What you dont hunt in a collar shirt? I thought everyone did.


----------



## TANC (Mar 14, 2005)

The shoots need a little class. 

They take this rule seriously in case you're doubting it. You'll either be asked to leave or have to find one to put on if you don't have one.

BTW, your golf experience must be at low end public courses. Around here, and across the country, at private clubs and upscale public/resort facilities, dress codes FAR exceed anything the ASA has in place. I played for 40 years and was never allowed to wear shirts without collars until recent new offerings of Nike style collarless stuff like Tiger made popular. Again, this has never applied on low end public facilities where you could play shoeless and shirtless if you wanted. Those places I avoided.


----------



## carlosii (Feb 25, 2007)

TANC said:


> The shoots need a little class.
> 
> They take this rule seriously in case you're doubting it. You'll either be asked to leave or have to find one to put on if you don't have one.
> 
> ...


My first ASA shoot I wore a tee and shot BN. Coming off the range the first day I was told about the collared shirt rule. Had one the next day. Didn't get kicked off or asked to leave.

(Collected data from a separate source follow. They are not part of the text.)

(* Consider a zero-one knapsack instance with $n$ items, integer capacity $W>0$, positive integer weights $w_i$ and integer profits $v_i$, and let $\mathcal{S}^*$ be its set of optimal solutions. Let $V(i,w)$, $C(i,w)$ be the tables defined by: $V(0,w)=0$, $C(0,w)=1$ for $0\le w\le W$; $V(i,w)=-\infty$, $C(i,w)=0$ for $w<0$; and for $1\le i\le n$, $0\le w\le W$, $V(i,w)=\max\{V(i-1,w),V(i-1,w-w_i)+v_i\}$ and $C(i,w)=C(i-1,w)+C(i-1,w-w_i)$ if $V(i-1,w)=V(i-1,w-w_i)+v_i$, $C(i,w)=C(i-1,w)$ if $V(i-1,w)>V(i-1,w-w_i)+v_i$, and $C(i,w)=C(i-1,w-w_i)$ otherwise. Consider the following randomized sampling procedure: start with $L=\emptyset$, $i=n$, $w=W$; while $i>0$ and $w>0$: if $w_i\le w$ and $V(i,w)=V(i-1,w)=V(i-1,w-w_i)+v_i$, then with probability $q=C(i-1,w-w_i)/C(i,w)$ (using a fresh uniform random number $r\in[0,1]$ and testing $r<q$) add $i$ to $L$ and set $w\leftarrow w-w_i$; else if $V(i,w)>V(i-1,w)$, add $i$ to $L$ and set $w\leftarrow w-w_i$; in all cases then set $i\leftarrow i-1$. Output $L$. Then for every $s\in\mathcal{S}^*$, the probability that the procedure outputs $s$ is $1/|\mathcal{S}^*|$.
   Context: For $s\subseteq[n]=\{1,\dots,n\}$ let $w(s)=\sum_{i\in s}w_i$ and $v(s)=\sum_{i\in s}v_i$. The set of feasible solutions is $\mathcal{S}=\{s\subseteq[n]: w(s)\le W\}$, $v_{\max}=\max_{s\in\mathcal{S}}v(s)$, and $\mathcal{S}^*=\{s\in\mathcal{S}: v(s)=v_{\max}\}$. *)

From mathcomp Require Import all_boot all_order all_algebra.
Set Implicit Arguments. Unset Strict Implicit. Unset Printing Implicit Defensive.
Import Order.TTheory GRing.Theory Num.Theory.
Local Open Scope ring_scope.

(* Items are numbered 1..n; weights wt : nat -> nat and profits pr : nat -> int
   (only the values at 1..n matter).  Extended integers Z ∪ {-oo} are
   represented by option int, with None = -oo. *)

Definition eadd (x : option int) (c : int) : option int := omap (fun a => a + c) x.
Definition emax (x y : option int) : option int :=
  match x, y with
  | None, _ => y
  | _, None => x
  | Some a, Some b => Some (Num.max a b)
  end.
Definition elt (x y : option int) : bool :=
  match x, y with
  | _, None => false
  | None, Some _ => true
  | Some a, Some b => a < b
  end.

Section Tables.
Variables (wt : nat -> nat) (pr : nat -> int).

Fixpoint Vt (i : nat) (c : int) : option int :=
  if c < 0 then None else
  match i with
  | 0 => Some 0
  | i'.+1 => emax (Vt i' c) (eadd (Vt i' (c - (wt i)%:Z)) (pr i))
  end.

Fixpoint Ct (i : nat) (c : int) : nat :=
  if c < 0 then 0%N else
  match i with
  | 0 => 1%N
  | i'.+1 =>
      let a := Vt i' c in
      let b := eadd (Vt i' (c - (wt i)%:Z)) (pr i) in
      if a == b then (Ct i' c + Ct i' (c - (wt i)%:Z))%N
      else if elt b a then Ct i' c
      else Ct i' (c - (wt i)%:Z)
  end.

I read his post as saying he did play where collared shirts were required. I think you mis-read his post in regard to his golfing experience. Just a little harsh, IMHO.


----------



## BeauBowhunter (Aug 27, 2007)

carlosii said:


> My first ASA shoot I wore a tee and shot BN. Coming off the range the first day I was told about the collared shirt rule. Had one the next day. Didn't get kicked off or asked to leave.
> 
> I read his post as saying he did play where collared shirts were required. I think you mis-read his post in regard to his golfing experience. Just a little harsh, IMHO.


I agree... Just cause the places that you play golf at require them doesn't mean jack. 

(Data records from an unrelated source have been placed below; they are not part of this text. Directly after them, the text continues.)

(* Let $\gamma\in\mathbb C$ and $H_1(\gamma)=I-\gamma D$. Then $$(n!)^{1/n}|\gamma|\le K_h\bigl(H_1(\gamma)^{-1}\bigr)\le n|\gamma|.$$
   Context: Let $n\ge1$ and $\mathcal P_n$ the complex vector space of polynomials in one complex variable of degree at most $n$; $D$ is differentiation and $I$ the identity on $\mathcal P_n$ ($I-\gamma D$ is invertible). For nonzero $f$, $Z(f)$ is the multiset of roots of $f$ (with multiplicity; empty for nonzero constants); $Z(0)=\mathbb C$. For finite nonempty $A,B\subset\mathbb C$, $d_h(A,B)=\max_{y\in B}\min_{x\in A}|x-y|$, with conventions $d_h(\emptyset,\emptyset)=0$, $d_h(A,\emptyset)=d_h(\emptyset,A)=+\infty$ for $A\ne\emptyset$, and $d_h(A,B)=0$ if one of $A,B$ equals $\mathbb C$ and the other is nonempty. $K_h(T)=\sup_{f\in\mathcal P_n}d_h(Z(f),Z(Tf))$. *)

From HB Require Import structures.
From mathcomp Require Import all_boot all_order all_algebra.
From mathcomp Require Import all_classical all_reals.
From mathcomp Require Import ereal exp.
From mathcomp Require Import complex.
Set Implicit Arguments. Unset Strict Implicit. Unset Printing Implicit Defensive.
Import Order.TTheory GRing.Theory Num.Theory.
Local Open Scope ring_scope.
Local Open Scope classical_set_scope.

Section Defs.
Variable R : realType.
Local Notation C := (R[i]).

Definition cabs (z : C) : R := Normc.normc z.

Definition Pn (n : nat) : set {poly C} := [set f | (size f <= n.+1)%N].

(* Z(f) as a set of points (multiplicities are irrelevant for d_h);
   Z(0) = C, Z(nonzero constant) = empty set. *)
Definition Zset (f : {poly C}) : set C := [set z | root f z].

(* d_h(A,B) = max_{y in B} min_{x in A} |x - y|, with the paper's conventions *)
Definition d_h (A B : set C) : \bar R :=
  if `[< A = set0 >] && `[< B = set0 >] then 0%E
  else if `[< A = set0 >] || `[< B = set0 >] then +oo%E
  else if `[< A = setT >] || `[< B = setT >] then 0%E
  else ereal_sup [set ereal_inf [set (cabs (x - y))%:E | x in A] | y in B].

Definition K_h (n : nat) (T : {poly C} -> {poly C}) : \bar R :=
  ereal_sup [set d_h (Zset f) (Zset (T f)) | f in Pn n].

End Defs.

From HB Require Import structures.
From mathcomp Require Import all_boot all_order all_algebra.
From mathcomp Require Import all_classical all_reals.
From mathcomp Require Import ereal exp.
From mathcomp Require Import complex.
From mathcomp Require Import ring.
Set Implicit Arguments. Unset Strict Implicit. Unset Printing Implicit Defensive.
Import Order.TTheory GRing.Theory Num.Theory.
Local Open Scope ring_scope.

(* On polynomials, (I - gam D)^-1 is the finite Neumann series
   S f = \sum_k gam^k f^(k), and Taylor's formula gives (S f)(y) = L(f(gam X + y))
   for the functional L(X^i) = i!.
   Upper bound: if every root x of f (of degree m) satisfies |x - y| > m |gam|,
   then f(gam X + y) is a nonzero multiple of \prod_x (1 + u_x X) with
   |u_x| < 1/m.  The polynomial z |-> L((1 + z X)^m) = \sum_l m^_l z^l has no
   zero in the disk |z| < 1/m, and multiplying the argument of L by a factor
   1 + u X amounts to taking a polar derivative with respect to u, which keeps
   the disk zero-free by Laguerre's theorem.  Evaluating at z = 0 gives
   L(\prod_x (1 + u_x X)) <> 0, so y is not a root of S f.
   Lower bound: S X^n is monic with constant term gam^n n!, so one of its roots
   has modulus at least (n!)^(1/n) |gam|, whereas X^n only vanishes at 0. *)

Lemma big_ord_widen0 (V : nmodType) (n m : nat) (F : nat -> V) :
  (n <= m)%N -> (forall k, (n <= k < m)%N -> F k = 0) ->
  \sum_(k < n) F k = \sum_(k < m) F k.
Proof.
move=> le_nm F0; rewrite (big_ord_widen m F le_nm) big_mkcond /=.
by apply: eq_bigr => k _; case: ltnP => // nk; rewrite F0 // nk ltn_ord.
Qed.

Lemma size_deriv_le (R : nzSemiRingType) (p : {poly R}) : (size p^`() <= size p)%N.
Proof.
have [->|p0] := eqVneq p 0; first by rewrite deriv0.
exact: ltnW (lt_size_deriv p0).
Qed.

Lemma size_derivn_le (R : nzSemiRingType) (p : {poly R}) k : (size p^`(k) <= size p)%N.
Proof.
elim: k => [|k IHk]; first by rewrite derivn0.
by rewrite derivnS (leq_trans (size_deriv_le _)).
Qed.

Section FactorialFunctional.
Variable R : comNzRingType.
Implicit Types f g A : {poly R}.

(* [Lfact f] is the Laplace integral \int_0^oo f(t) e^-t dt. *)
Definition Lfact f : R := \sum_(i < size f) f`_i * i`!%:R.

Lemma Lfact_widen f N : (size f <= N)%N -> Lfact f = \sum_(i < N) f`_i * i`!%:R.
Proof.
move=> le_fN; apply: (big_ord_widen0 (F := fun i => f`_i * i`!%:R)) => // i /andP[fi _].
by rewrite nth_default // mul0r.
Qed.

Lemma Lfact0 : Lfact 0 = 0.
Proof. by rewrite /Lfact size_poly0 big_ord0. Qed.

Lemma LfactD f g : Lfact (f + g) = Lfact f + Lfact g.
Proof.
pose N := maxn (size f) (size g).
rewrite (@Lfact_widen (f + g) N) ?(leq_trans (size_polyD _ _)) //.
rewrite (@Lfact_widen f N) ?leq_maxl // (@Lfact_widen g N) ?leq_maxr //.
by rewrite -big_split; apply: eq_bigr => i _; rewrite coefD mulrDl.
Qed.

Lemma LfactZ c f : Lfact (c *: f) = c * Lfact f.
Proof.
rewrite (@Lfact_widen (c *: f) (size f)) ?size_scale_leq // /Lfact mulr_sumr.
by apply: eq_bigr => i _; rewrite coefZ mulrA.
Qed.

Lemma Lfact_Xn k : Lfact 'X^k = k`!%:R.
Proof.
rewrite (@Lfact_widen _ k.+1) ?size_polyXn // big_ord_recr /= coefXn eqxx mul1r.
by rewrite big1 ?add0r // => i _; rewrite coefXn ltn_eqF ?mul0r.
Qed.

Lemma LfactE f : Lfact f = f`_0 + Lfact f^`().
Proof.
rewrite (@Lfact_widen f (size f).+1) // big_ord_recl mulr1.
rewrite (@Lfact_widen f^`() (size f)) ?size_deriv_le //; congr (_ + _).
apply: eq_bigr => i _; rewrite coef_deriv lift0 factS natrM mulrA.
by congr (_ * _); exact: mulr_natr.
Qed.

(* [Lpow A k] is the polynomial z |-> Lfact (A * (1 + z X)^k). *)
Definition Lpow A k : {poly R} := \poly_(l < k.+1) ('C(k, l)%:R * Lfact (A * 'X^l)).

Lemma coef_Lpow A k l : (Lpow A k)`_l = 'C(k, l)%:R * Lfact (A * 'X^l).
Proof. by rewrite coef_poly; case: ltnP => // lt_kl; rewrite bin_small // mul0r. Qed.

Lemma horner0_Lpow A : (Lpow A 0).[0] = Lfact A.
Proof. by rewrite horner_coef0 coef_Lpow bin0 mul1r mulr1. Qed.

Lemma Lpow_polar A k (al : R) :
  k.+1%:R *: Lpow (A * (1 + al *: 'X)) k =
  k.+1%:R *: Lpow A k.+1 - ('X - al%:P) * (Lpow A k.+1)^`().
Proof.
apply/polyP => l; rewrite coefB coefZ mulrBl coefB coefCM coefXM coefZ !coef_Lpow.
have -> : A * (1 + al *: 'X) * 'X^l = A * 'X^l + al *: (A * 'X^(l.+1)).
  by rewrite exprS -!mul_polyC; ring.
rewrite LfactD LfactZ; case: l => [|l]; rewrite /= ?coef_deriv ?coef_Lpow.
  by rewrite !bin0 bin1 mulr1n sub0r opprK; ring.
set K : R := k.+1%:R; set a : R := 'C(k, l.+1)%:R.
set b : R := 'C(k.+1, l.+1)%:R; set c : R := 'C(k.+1, l.+2)%:R.
have bin_down : K * b - b * l.+1%:R = K * a.
  apply/eqP; rewrite subr_eq -!natrM -natrD; apply/eqP; congr _%:R.
  have [le_lk|lt_kl] := leqP l.+1 k.+1; last by rewrite !bin_small ?muln0 ?mul0n // ltnW.
  by rewrite mul_bin_down [(_ * l.+1)%N]mulnC -mulnDl subnK.
have bin_diag : c * l.+2%:R = K * a by rewrite -!natrM mulnC mul_bin_diag.
rewrite -[_ *+ l.+1]mulr_natr -[_ *+ l.+2]mulr_natr.
transitivity ((K * b - b * l.+1%:R) * Lfact (A * 'X^(l.+1))
    + al * (c * l.+2%:R) * Lfact (A * 'X^(l.+2))); last by ring.
by rewrite bin_down bin_diag; ring.
Qed.

Lemma horner_Lpow1 m (z : R) :
  (Lpow 1 m).[z] = \sum_(l < m.+1) (m ^_ l)%:R * z ^+ l.
Proof.
by rewrite horner_poly; apply: eq_bigr => l _; rewrite mul1r Lfact_Xn -natrM bin_ffact.
Qed.

(* The subtraction does not truncate, since m ^_ l.+1 = m ^_ l * (m - l). *)
Definition ffact_defect m l := (m * m ^_ l - m ^_ l.+1)%N.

To the original poster: I am glad that you are getting into 3D and I hope you can look past some people that think they are better than others. Good luck with it!


----------



## SonnyThomas (Sep 10, 2006)

Of course you understand this is on the national level. State level is a little more casual, t-shirts allowed.


----------



## bfisher (Nov 30, 2002)

SonnyThomas said:


> Of course you understand this is on the national level. State level is a little more casual, t-shirts allowed.

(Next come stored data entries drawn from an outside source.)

Lemma tsum_ext n m F G :
  (forall l, length l = m -> inrange n l -> F l = G l) -> tsum n m F = tsum n m G.
Proof.
  revert F G; induction m as [|m IH]; simpl; intros F G H.
  - apply H; [auto | constructor].
  - apply rsum_ext; intros i Hi. apply IH.
    intros l Hl Hr. apply H; [simpl; auto | constructor; auto].
Qed.

Lemma tsum_minus n m F G : tsum n m (fun l => F l - G l) = tsum n m F - tsum n m G.
Proof.
  revert F G; induction m as [|m IH]; simpl; intros; auto.
  rewrite <- rsum_minus. apply rsum_ext; intros; apply IH.
Qed.

Lemma tsum_scal n m c F : tsum n m (fun l => c * F l) = c * tsum n m F.
Proof.
  revert F; induction m as [|m IH]; simpl; intros; auto.
  rewrite <- rsum_scal. apply rsum_ext; intros; apply IH.
Qed.

Lemma tsum_zero n m F : (forall l, length l = m -> inrange n l -> F l = 0) -> tsum n m F = 0.
Proof.
  intros H. rewrite (tsum_ext n m F (fun l => 0 * F l)), tsum_scal; [ring|].
  intros l Hl Hr; rewrite H; auto; ring.
Qed.

Lemma tsum_nonneg n m F :
  (forall l, length l = m -> inrange n l -> 0 <= F l) -> 0 <= tsum n m F.
Proof.
  revert F; induction m as [|m IH]; simpl; intros F H.
  - apply H; [auto | constructor].
  - apply rsum_nonneg; intros i Hi. apply IH.
    intros l Hl Hr; apply H; [simpl; auto | constructor; auto].
Qed.

Lemma tsum_ge_term n m F l0 :
  (forall l, length l = m -> inrange n l -> 0 <= F l) ->
  length l0 = m -> inrange n l0 -> F l0 <= tsum n m F.
Proof.
  revert F l0; induction m as [|m IH]; simpl; intros F l0 H Hl Hr.
  - destruct l0; simpl in Hl; [lra | lia].
  - destruct l0 as [|i l0]; simpl in Hl; [lia|]. inversion Hr; subst.
    assert (Hsub : forall j l, length l = m -> inrange n l -> (1 <= j <= n)%nat ->
                              0 <= F (j :: l)).
    { intros j l Hl' Hr' Hj; apply H; [simpl; auto | constructor; auto]. }
    eapply Rle_trans; [|apply rsum_ge_term with (p := i); auto].
    + apply (IH (fun l => F (i :: l))); auto.
    + intros j Hj. apply tsum_nonneg; auto.
Qed.

Lemma tsum_app n a b F :
  tsum n (a + b) F = tsum n a (fun l1 => tsum n b (fun l2 => F (l1 ++ l2))).
Proof. revert F; induction a as [|a IH]; simpl; intros; auto. apply rsum_ext; intros; apply IH. Qed.

Lemma tsum_rsum_swap n k N F :
  tsum n k (fun l => rsum N (fun s => F l s)) = rsum N (fun s => tsum n k (fun l => F l s)).
Proof.
  revert F; induction k as [|k IH]; simpl; intros; auto.
  rewrite <- rsum_swap. apply rsum_ext; intros; apply IH.
Qed.

Lemma xprod_cons x j l : xprod x (j :: l) = x j * xprod x l.
Proof. reflexivity. Qed.

Lemma xprod_app x l1 l2 : xprod x (l1 ++ l2) = xprod x l1 * xprod x l2.
Proof.
  induction l1 as [|j l1 IH]; [simpl; ring|].
  rewrite <- app_comm_cons, !xprod_cons, IH; ring.
Qed.

Lemma tsum_xprod n k y : tsum n k (xprod y) = rsum n y ^ k.
Proof.
  induction k as [|k IH]; simpl; auto.
  rewrite Rmult_comm, <- rsum_scal. apply rsum_ext; intros i _.
  change (tsum n k (fun l => y i * xprod y l) = rsum n y ^ k * y i).
  rewrite tsum_scal, IH; ring.
Qed.

Definition cauchy_form (N : nat) (a q : nat -> R) : R :=
  rsum N (fun j => rsum N (fun k => q j * q k / (a j + a k))).

Lemma cauchy_form_last_zero N a q :
  q (S N) = 0 -> cauchy_form (S N) a q = cauchy_form N a q.
Proof.
  intros Hq. unfold cauchy_form. simpl. rewrite rsum_plus, Hq.
  rewrite (rsum_zero N (fun j => q j * 0 / _)), (rsum_zero N (fun k => 0 * q k / _)).
  - unfold Rdiv; ring.
  - intros; unfold Rdiv; ring.
  - intros; unfold Rdiv; ring.
Qed.

(* One step of Gaussian elimination on the Cauchy matrix [1/(a_j + a_k)],
   pivoting at a node [A]: the remaining form is again a Cauchy form, in the
   rescaled weights [q_j (a_j - A)/(a_j + A)]. *)
Lemma cauchy_form_split N a q A :
  A > 0 -> (forall j, (1 <= j <= N)%nat -> q j <> 0 -> a j > 0) ->
  cauchy_form N a q =
  rsum N (fun j => q j * (2 * A / (A + a j))) ^ 2 / (2 * A) +
  cauchy_form N a (fun j => q j * (a j - A) / (a j + A)).
Proof.
  intros HA Hpos. unfold cauchy_form.
  set (u := fun j => q j * (2 * A / (A + a j))).
  set (q' := fun j => q j * (a j - A) / (a j + A)).
  transitivity (rsum N (fun j => rsum N (fun k =>
                  / (2 * A) * (u j * u k) + q' j * q' k / (a j + a k)))).
  - apply rsum_ext; intros j Hj; apply rsum_ext; intros k Hk.
    unfold u, q'.
    destruct (Req_dec (q j) 0) as [->|Hj0]; [unfold Rdiv; ring|].
    destruct (Req_dec (q k) 0) as [->|Hk0]; [unfold Rdiv; ring|].
    assert (a j > 0) by auto. assert (a k > 0) by auto.
    field; repeat split; lra.
  - rewrite (rsum_ext N _ (fun j => / (2 * A) * rsum N (fun k => u j * u k) +
                                    rsum N (fun k => q' j * q' k / (a j + a k))))
      by (intros; rewrite <- rsum_scal, <- rsum_plus; reflexivity).
    rewrite rsum_plus, rsum_scal, rsum_square. unfold q', Rdiv; ring.
Qed.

 And as it should be. It's supposedly a casual sport. Still, there's nothing wrong with having some dress codes in place. How would you guys like to see archery degrade to the point that you see belts being used to hold up ass cheeks, if you know what I'm talking about. Ass cheeks (underwear) showing, but got that collared shirt on. Never gonna happen, but I'm just making a point.


----------



## bclowman (Aug 2, 2009)

I see where your coming from as far as 3D replicating hunting situations but that really isn't the case when you get to the ASA level. For the most part it is just another form of target archery. I personaly like the fact that the ASA requires a dress code. it just helps to represent the sport better. No different than a sporting clays of trap shoot. It's more about the competition than replicating hunting.


----------



## bownrut09 (Jul 8, 2009)

WOW, what a statement to make...! I bet NFAA is happy to have them as your avatar. I dont even know what to say about this quote. I'm guessing this is one of "those guys" you see at a shoot that cant shoot for crap and own everything in the world. I've seen alot of "trash" out score alot of "those guys" so just like someone said once before "think before you speak":thumbs_do


----------



## Doc (Jun 10, 2003)

bownrut09 said:


> WOW, what a statement to make...! I bet NFAA is happy to have them as your avatar. I dont even know what to say about this quote. I'm guessing this is one of "those guys" you see at a shoot that cant shoot for crap and own everything in the world. I've seen alot of "trash" out score alot of "those guys" so just like someone said once before "think before you speak":thumbs_do


Easy does it tiger...I don't understand why that statement over-rated your cams:noidea:


----------



## bclowman (Aug 2, 2009)

bownrut09 said:


> WOW, what a statement to make...! I bet NFAA is happy to have them as your avatar. I dont even know what to say about this quote. I'm guessing this is one of "those guys" you see at a shoot that cant shoot for crap and own everything in the world. I've seen alot of "trash" out score alot of "those guys" so just like someone said once before "think before you speak":thumbs_do


NFAA has a dress code now also in the pro division. Collars and no jeans.:mg:
They thought that jeans looked "trashy". So i guess they would be proud to have him use there Avatar.


----------



## TANC (Mar 14, 2005)

carlosii said:


> My first ASA shoot I wore a tee and shot BN. Coming off the range the first day I was told about the collared shirt rule. Had one the next day. Didn't get kicked off or asked to leave.
> 
> I read his post as saying he did play where collared shirts were required. I think you mis-read his post in regard to his golfing experience. Just a little harsh, IMHO.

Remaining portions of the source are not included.